The Inflation Reduction Act (IRA) has allocated over $4 billion to the General Services Administration (GSA) and Federal Highways Administration (FHWA) for ‘Buy Clean’ initiatives. The mandate ensures that only products with ‘substantially lower’ emissions, defined by the Environmental Protection Agency (EPA) as the lowest 20% of embodied emissions, are purchased.

Recent Environmental Product Declarations (EPDs) provide clarity on which steel products qualify under this framework. Below is a tabulated list of per-ton carbon intensities reported by top American steel producers – Nucor, Steel Dynamics (SDI), and U.S. Steel (USS).

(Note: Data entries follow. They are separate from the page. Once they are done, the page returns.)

(* Let $(a_n)_n=[a_{n\varepsilon}]_{\mathrm s}\in\widetilde{\mathbb C}_{\mathrm s}$. Assume that there are $k=[k_\varepsilon]\in\widetilde{\mathbb N}$ with $k_\varepsilon\in\mathbb N$ and $L=[L_\varepsilon]\in\widetilde{\mathbb R}_{>0}$ such that for all sufficiently small $\varepsilon$ and all $n\in\mathbb N$ with $n\ge k_\varepsilon$ (and $n\ge1$), $$|a_{n\varepsilon}|^{1/n}\le L_\varepsilon .$$ If $L<1$, then the hyperseries $\sum_{n\in\widetilde{\mathbb N}}|a_n|$ (where $(|a_n|)_n:=[|a_{n\varepsilon}|]_{\mathrm s}$) converges, and hence also $\sum_{n\in\widetilde{\mathbb N}}a_n$ converges.
   Context: Fix $I=(0,1]$ and a gauge $\rho=(\rho_\varepsilon)_{\varepsilon\in I}$ with $\rho_\varepsilon\in I$ and $\rho_\varepsilon\to0$ as $\varepsilon\to0$. ''$\forall^0\varepsilon$'' means ''for all sufficiently small $\varepsilon\in I$''. A net $(x_\varepsilon)\in\mathbb C^I$ is $\rho$-moderate ($(x_\varepsilon)\in\mathbb C_\rho$) if $\exists N\in\mathbb N\,\forall^0\varepsilon:|x_\varepsilon|\le\rho_\varepsilon^{-N}$, and $\rho$-negligible if $\forall q\in\mathbb N\,\forall^0\varepsilon:|x_\varepsilon|\le\rho_\varepsilon^q$. $\widetilde{\mathbb C}:=\mathbb C_\rho/\{\text{negligible nets}\}$ with classes $[x_\varepsilon]$; $\widetilde{\mathbb R}\subseteq\widetilde{\mathbb C}$ consists of classes of real moderate nets; $\mathrm d\rho:=[\rho_\varepsilon]$, $|[z_\varepsilon]|:=[|z_\varepsilon|]$. On $\widetilde{\mathbb R}$: $[x_\varepsilon]\le[y_\varepsilon]$ iff $x_\varepsilon\le y_\varepsilon+z_\varepsilon$ $\forall^0\varepsilon$ for some negligible $(z_\varepsilon)$; $x<y$ iff $\exists m\,\forall^0\varepsilon:y_\varepsilon-x_\varepsilon>\rho_\varepsilon^m$; $\widetilde{\mathbb R}_{>0}:=\{x:x>0\}$. Hypernatural numbers: $\widetilde{\mathbb N}:=\{[n_\varepsilon]\in\widetilde{\mathbb R}:n_\varepsilon\in\mathbb N\ \forall\varepsilon\}$; for each $N\in\widetilde{\mathbb N}$ a representative $(\mathrm{ni}(N)_\varepsilon)$ with all $\mathrm{ni}(N)_\varepsilon\in\mathbb N$ is fixed. Hyperlimit: for a map $n\in\widetilde{\mathbb N}\mapsto a_n\in\widetilde{\mathbb C}$, $l=\lim_{n\in\widetilde{\mathbb N}}a_n$ means $\forall q\in\mathbb N\,\exists M\in\widetilde{\mathbb N}\,\forall n\in\widetilde{\mathbb N}:n\ge M\Rightarrow|a_n-l|<\mathrm d\rho^q$. Hyperseries: a net $(a_{n\varepsilon})_{n\in\mathbb N,\varepsilon\in I}$ of complex numbers is moderate over hypersums if for every $N\in\widetilde{\mathbb N}$ the net $(\sum_{n=0}^{\mathrm{ni}(N)_\varepsilon}a_{n\varepsilon})_\varepsilon$ is $\rho$-moderate; two such nets $(a_{n\varepsilon}),(\bar a_{n\varepsilon})$ are equivalent if for all $N,M\in\widetilde{\mathbb N}$ the net $(\sum_{n=\mathrm{ni}(N)_\varepsilon}^{\mathrm{ni}(M)_\varepsilon}(a_{n\varepsilon}-\bar a_{n\varepsilon}))_\varepsilon$ is negligible. The quotient is $\widetilde{\mathbb C}_{\mathrm s}$ (resp. $\widetilde{\mathbb R}_{\mathrm s}$ for real nets), with classes $(a_n)_n=[a_{n\varepsilon}]_{\mathrm s}$. For $N,M\in\widetilde{\mathbb N}$, $\sum_{n=N}^Ma_n:=[\sum_{n=\mathrm{ni}(N)_\varepsilon}^{\mathrm{ni}(M)_\varepsilon}a_{n\varepsilon}]$ (empty sums equal $0$). The hyperseries $\sum_{n\in\widetilde{\mathbb N}}a_n$ converges to $s$ if $s=\lim_{N\in\widetilde{\mathbb N}}\sum_{n=0}^Na_n$ exists in $\widetilde{\mathbb C}$. *)

From Stdlib Require Import Reals List.
From Coquelicot Require Import Coquelicot.
Open Scope R_scope.

(* Index set I = (0,1]; nets are functions R -> _ only used on I. *)

Definition is_gauge (rho : R -> R) : Prop :=
  (forall e, 0 < e <= 1 -> 0 < rho e <= 1) /\
  (forall d, 0 < d -> exists e0, 0 < e0 /\
      forall e, 0 < e < e0 -> e <= 1 -> rho e < d).

Definition eventually0 (P : R -> Prop) : Prop :=
  exists e0, 0 < e0 /\ forall e, 0 < e < e0 -> e <= 1 -> P e.

Definition moderateC (rho : R -> R) (x : R -> C) : Prop :=
  exists N : nat, eventually0 (fun e => Cmod (x e) <= / (rho e ^ N)).
Definition negligibleC (rho : R -> R) (x : R -> C) : Prop :=
  forall q : nat, eventually0 (fun e => Cmod (x e) <= rho e ^ q).
Definition moderateR (rho : R -> R) (x : R -> R) : Prop :=
  exists N : nat, eventually0 (fun e => Rabs (x e) <= / (rho e ^ N)).
Definition negligibleR (rho : R -> R) (x : R -> R) : Prop :=
  forall q : nat, eventually0 (fun e => Rabs (x e) <= rho e ^ q).

(* order on R~, at the level of representatives *)
Definition leRt (rho : R -> R) (x y : R -> R) : Prop :=
  exists z, negligibleR rho z /\ eventually0 (fun e => x e <= y e + z e).
Definition ltRt (rho : R -> R) (x y : R -> R) : Prop :=
  exists m : nat, eventually0 (fun e => y e - x e > rho e ^ m).

Definition hypernat (rho : R -> R) (n : R -> nat) : Prop :=
  moderateR rho (fun e => INR (n e)).

(* finite sum  sum_{n=lo}^{hi} f n  (empty, i.e. 0, if hi < lo) *)
Definition csum (f : nat -> C) (lo hi : nat) : C :=
  fold_right Cplus (RtoC 0) (map f (seq lo (S hi - lo))).

Definition hpsum (a : nat -> R -> C) (N : R -> nat) : R -> C :=
  fun e => csum (fun n => a n e) 0 (N e).

Definition mod_hypersums (rho : R -> R) (a : nat -> R -> C) : Prop :=
  forall N, hypernat rho N -> moderateC rho (hpsum a N).

(* hyperlimit of a map Ñ -> C~ (given on representatives) *)
Definition hyperlimit (rho : R -> R) (f : (R -> nat) -> (R -> C)) (l : R -> C)
  : Prop :=
  forall q : nat, exists M, hypernat rho M /\
    forall n, hypernat rho n ->
      leRt rho (fun e => INR (M e)) (fun e => INR (n e)) ->
      ltRt rho (fun e => Cmod (f n e - l e)) (fun e => rho e ^ q).

Definition hyperseries_converges (rho : R -> R) (a : nat -> R -> C) : Prop :=
  mod_hypersums rho a /\
  exists s, moderateC rho s /\ hyperlimit rho (hpsum a) s.

Definition nroot (n : nat) (x : R) : R :=
  if Req_EM_T x 0 then 0 else Rpower x (/ INR n).

From Stdlib Require Import Reals List Lra Lia ZArith.
From Coquelicot Require Import Coquelicot.
Open Scope R_scope.

(* For small eps the root bound gives |a_{n,eps}| <= L_eps^n for n > k_eps, and 1 - L_eps
   exceeds some rho_eps^m.  The first k_eps terms are controlled by applying moderateness
   over hypersums to the index (at most k_eps) of the largest partial sum, so all partial
   sums of |a_n| are bounded by one moderate net.  Bernoulli's inequality turns the gap
   1 - L_eps >= rho_eps^m into a polynomial rate: the tail of the geometric series beyond
   k_eps + 2 rho_eps^(-q-2m) is at most rho_eps^q / 2.  The hyperlimit of both series is the
   partial sum up to an index that eventually lies beyond all these thresholds. *)

Lemma sum_f_R0_le_mono (f : nat -> R) (i j : nat) :
  (forall n, 0 <= f n) -> (i <= j)%nat -> sum_f_R0 f i <= sum_f_R0 f j.
Proof.
  intros f_ge0 Hij; induction Hij as [|j _ IH]; simpl; [lra|].
  pose proof (f_ge0 (S j)); lra.
Qed.

Lemma Rabs_sum_f_R0_sub_le (f : nat -> R) (j m n : nat) (B : R) :
  (forall i, 0 <= f i) -> (j <= m)%nat -> (j <= n)%nat ->
  (forall N, (j <= N)%nat -> sum_f_R0 f N - sum_f_R0 f j <= B) ->
  Rabs (sum_f_R0 f n - sum_f_R0 f m) <= B.
Proof.
  intros f_ge0 Hm Hn Htail.
  pose proof (sum_f_R0_le_mono f _ _ f_ge0 Hm).
  pose proof (sum_f_R0_le_mono f _ _ f_ge0 Hn).
  pose proof (Htail m Hm); pose proof (Htail n Hn).
  apply Rabs_le; lra.
Qed.

Lemma sum_f_R0_sub_le_geometric (f : nat -> R) (Lv : R) (j N : nat) :
  0 <= Lv < 1 -> (forall i, (j < i)%nat -> f i <= Lv ^ i) -> (j <= N)%nat ->
  sum_f_R0 f N - sum_f_R0 f j <= Lv ^ S j / (1 - Lv).
Proof.
  intros HLv Hf HjN.
  enough (Hsharp : sum_f_R0 f N - sum_f_R0 f j <= (Lv ^ S j - Lv ^ S N) / (1 - Lv)).
  { pose proof (pow_le Lv (S N) (proj1 HLv)).
    apply Rle_trans with (1 := Hsharp), Rmult_le_compat_r;
      [apply Rlt_le, Rinv_0_lt_compat|]; lra. }
  induction HjN as [|N HjN IH]; simpl sum_f_R0.
  - unfold Rminus; rewrite !Rplus_opp_r; unfold Rdiv; lra.
  - assert (f (S N) <= Lv ^ S N) by (apply Hf; lia).
    replace ((Lv ^ S j - Lv ^ S (S N)) / (1 - Lv))
      with ((Lv ^ S j - Lv ^ S N) / (1 - Lv) + Lv ^ S N) by (simpl; field; lra).
    lra.
Qed.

Facility Global Warming Potential (MT CO2e)
Mill 1 0.96
Mill 2 1.03
Mill 3 1.06
Mill 4 1.17
Mill 5 1.21
Mill 6 1.21
Mill 7 1.30
Mill 8 1.58
Mill 9 2.06
Mill 10 2.06
Mill 11 2.22

Despite clear instructions to prioritize steel products with ‘substantially lower’ emissions, the GSA has adopted a dual standard that separates products based on production process. This contradicts the core principle of ‘Buy Clean’ programs, enabling high emissions products to qualify under the guise of being less harmful than other high emitting options.

By applying the dual standard to the above hot-rolled carbon intensities, it becomes evident that high emitting facilities such as USS Granite City (Mill 9) and USS Gary (Mill 10) would be deemed clean, while lower emitting facilities like Nucor Indiana (Mill 3) and USS Big River Steel (Mill 4) would not.

Alternative methods like dual standards and sliding scales proposed by major steel producers are inconsistent with the IRA’s language and ‘Buy Clean’ program’s intent. They result in unfair advantages for carbon-intensive producers, mislabel ‘dirty’ steel as clean, and dilute the efforts to decarbonize the industry.

The FHWA can correct this by applying the ‘Buy Clean’ provisions of the IRA as intended by Congress. Two tons of carbon is not ‘substantially lower’ than one, no matter the creative interpretations. The FHWA should avoid following GSA’s flawed policies that contradict climate goals and the statute’s intent.